Diese Heiden sind allerdings keine reine Naturlandschaft, sondern eine vom Menschen geschaffene und gepflegte Kulturlandschaft: Ohne regelmäßige Pflege durch Beweidung (traditionell mit Heidschnucken), Mahd, Plaggen und kontrolliertes Abbrennen würden sie verbuschen und verwalden. Der Erhalt der Heideflächen ist damit auch eine Voraussetzung für die Heidetracht.

Die Heidetracht

Die Heideblüte setzt spät ein – meist Anfang bis Mitte August – und dauert bis in den September. Damit ist sie eine wichtige Spättracht, die das Trachtjahr abschließt, wenn die meisten anderen Trachten längst vorbei sind. Traditionell wandern Imker im Spätsommer mit ihren Völkern in die Heidegebiete, um Heidehonig zu gewinnen – eine Praxis mit langer Geschichte, die früher mit den geflochtenen Bienenkörben (Lüneburger Stülper) und der typischen Heideimkerei verbunden war.

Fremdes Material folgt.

Lemma sorted_key_le_split (s : seq key) :
  sorted key_le s -> s = filter fst s ++ filter (predC fst) s.
Proof.
elim: s => //= -[[] v] s IH hs /=; first by rewrite {1}(IH (path_sorted hs)).
have hall : all (predC fst) s.
  by apply: sub_all (order_path_min key_le_trans hs) => -[[] v'].
have -> : filter fst s = [::].
  by apply/eqP; rewrite -size_eq0 size_filter eqn0Ngt -has_count -all_predC.
by have /all_filterP -> := hall.
Qed.

End SortedKeys.

Lemma card_imset_eq_kernel (A Y1 Y2 : finType) (D : {set A}) (F : A -> Y1) (H : A -> Y2) :
  (forall x y, (F x == F y) = (H x == H y)) -> #|F @: D| = #|H @: D|.
Proof.
move=> hFH; pose P := [set (F x, H x) | x in D].
have -> : F @: D = fst @: P by rewrite -imset_comp.
have -> : H @: D = snd @: P by rewrite -imset_comp.
rewrite !(@card_in_imset _ _ _ P) //
  => -[a1 b1] [a2 b2] /imsetP[x _ [-> ->]] /imsetP[y _ [-> ->]] /= e;
  have := hFH x y; rewrite e eqxx => h.
- by rewrite (eqP h).
- by rewrite (eqP (esym h)).
Qed.

Lemma sorted_gtn_uniq_geq (s : seq nat) : sorted gtn s = uniq s && sorted geq s.
Proof. by rewrite -(rev_sorted ltn) ltn_sorted_uniq_leq rev_uniq rev_sorted. Qed.

Lemma uniq_unmarked_values (T : finType) N (x : config T N) : inj_off x ->
  uniq [seq q.2 | q <- filter (predC fst) (config_keys x)].
Proof.
move=> /forallP hinj; rewrite /config_keys filter_map -map_comp map_inj_in_uniq.
  exact/filter_uniq/enum_uniq.
move=> u v; rewrite !mem_filter /= => /andP[hu _] /andP[hv _] e.
by have /forallP/(_ v) := hinj u; rewrite hu hv e eqxx => /eqP.
Qed.

Section PairsOfPartitions.
Variables (n N m : nat).
Hypothesis hmn : (m <= n)%N.
Local Notation key := (bool * 'I_N.+1)%type.
Local Notation pair_t := (m.-tuple 'I_N.+1 * (n - m).-tuple 'I_N.+1)%type.
Implicit Types (x : config 'I_n N) (p : pair_t).

Definition pair_set := [set p : pair_t | [&& sorted geq (map val p.1),
  sorted gtn (map val p.2) & (sumn (map val p.1) + sumn (map val p.2) == N)%N]].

Da die Heidetracht so spät liegt, muss der Imker den Spagat zwischen Honiggewinnung und rechtzeitiger Einwinterung der Völker bewältigen – nach der Heide bleibt nur noch wenig Zeit für die Auffütterung und Varroabehandlung vor dem Winter.

Der besondere Heidehonig

Der Heidehonig ist in jeder Hinsicht ein Sonderfall unter den Sortenhonigen. Er ist dunkel – rotbraun bis bernsteinfarben – und hat ein kräftiges, würzig-herbes, leicht malziges Aroma. Seine auffälligste Eigenschaft ist jedoch die thixotrope (gelartige) Konsistenz: Heidehonig ist im Ruhezustand geleeartig fest, wird aber beim Rühren oder Schütteln vorübergehend flüssig. Diese Besonderheit hat weitreichende Folgen für die Ernte.

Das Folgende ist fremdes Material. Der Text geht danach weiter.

Lemma canonical_dual_prob_optimal q : weight_numbers n q -> prop4p1_claim cj sq q F.
Proof.
move=> /weight_numbers_ge0 q_ge0; rewrite /prop4p1_claim /=.
set c := \big[Num.max/0]_(i < N) _; set rho1 := [set i | _].
move=> indep; split; first exact: canonical_dual_is_dual.
move=> G dualG; rewrite /d1 -/c.
pose w (G' : 'I_N -> 'rV_n) i := q i * vnorm cj sq (F i) * vnorm cj sq (G' i).
have w_real G' i : w G' i \is Num.real.
  by rewrite ger0_real // !mulr_ge0 ?q_ge0 ?sq_ge0 ?inner_ge0.
have bigmax_w_real G' : \big[Num.max/0]_i w G' i \is Num.real.
  by apply: bigmax_real => // i _; apply: w_real.
rewrite real_leNgt ?bigmax_w_real //; apply/negP => lt_c.
have c_gt0 : 0 < c.
  by apply: le_lt_trans lt_c; apply: (real_bigmax_ge_id (real0 _) (w_real G)).
have [c0 | [i0 _ c_i0]] : c = 0 \/ exists2 i, i \in index_enum 'I_N & c = w g i
  := real_bigmax_eq_arg (real0 _) (w_real g) _.
  by rewrite c0 ltxx in c_gt0.
have shorter i : i \in rho1 -> inner (G i) (G i) < inner (g i) (g i).
  rewrite inE => /eqP w_c.
  have : w G i < w g i.
    rewrite /w w_c; apply: le_lt_trans lt_c.
    exact: (real_le_bigmax (real0 _) (w_real G) (mem_index_enum i)).
  have qF_gt0 : 0 < q i * vnorm cj sq (F i).
    rewrite lt_def mulr_ge0 ?q_ge0 ?sq_ge0 ?inner_ge0 // andbT.
    by apply: contraTneq c_gt0 => qF0; rewrite -w_c qF0 mul0r ltxx.
  by rewrite /w ltr_pM2l // => /sq_lt; apply; apply: inner_ge0.
have := canonical_dual_sum_min indep dualG.
rewrite lt_geF //; apply: ltr_sum shorter.
by apply/hasP; exists i0; rewrite ?mem_index_enum // inE c_i0.
Qed.

End Optimality.
End Frame.
End InnerProductSpace.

Wegen der gelartigen Konsistenz lässt sich Heidehonig nicht einfach schleudern wie anderer Honig. Imker müssen ihn entweder mit speziellen Verfahren gewinnen – etwa durch vorheriges „Lösen“ der Wabenzellen mit Nadelwalzen (Heidehonig-Lösegeräte), durch Pressen der Waben oder durch den Verkauf als Wabenhonig (Scheibenhonig). Dieser hohe Aufwand und die begrenzte Verfügbarkeit machen echten Heidehonig zu einem der teuersten und gesuchtesten deutschen Sortenhonige.

Ökologische Bedeutung

Heideflächen sind wertvolle, artenreiche Lebensräume für zahlreiche spezialisierte Insekten, darunter viele Wildbienen und die Hummeln, die die spät blühende Heide als wichtige Nahrungsquelle nutzen. Der Erhalt der Heidelandschaften dient damit nicht nur der Honiggewinnung, sondern auch dem Naturschutz. Neben der Besenheide spielt regional auch die früher blühende Glockenheide (Erica) eine Rolle als Trachtpflanze.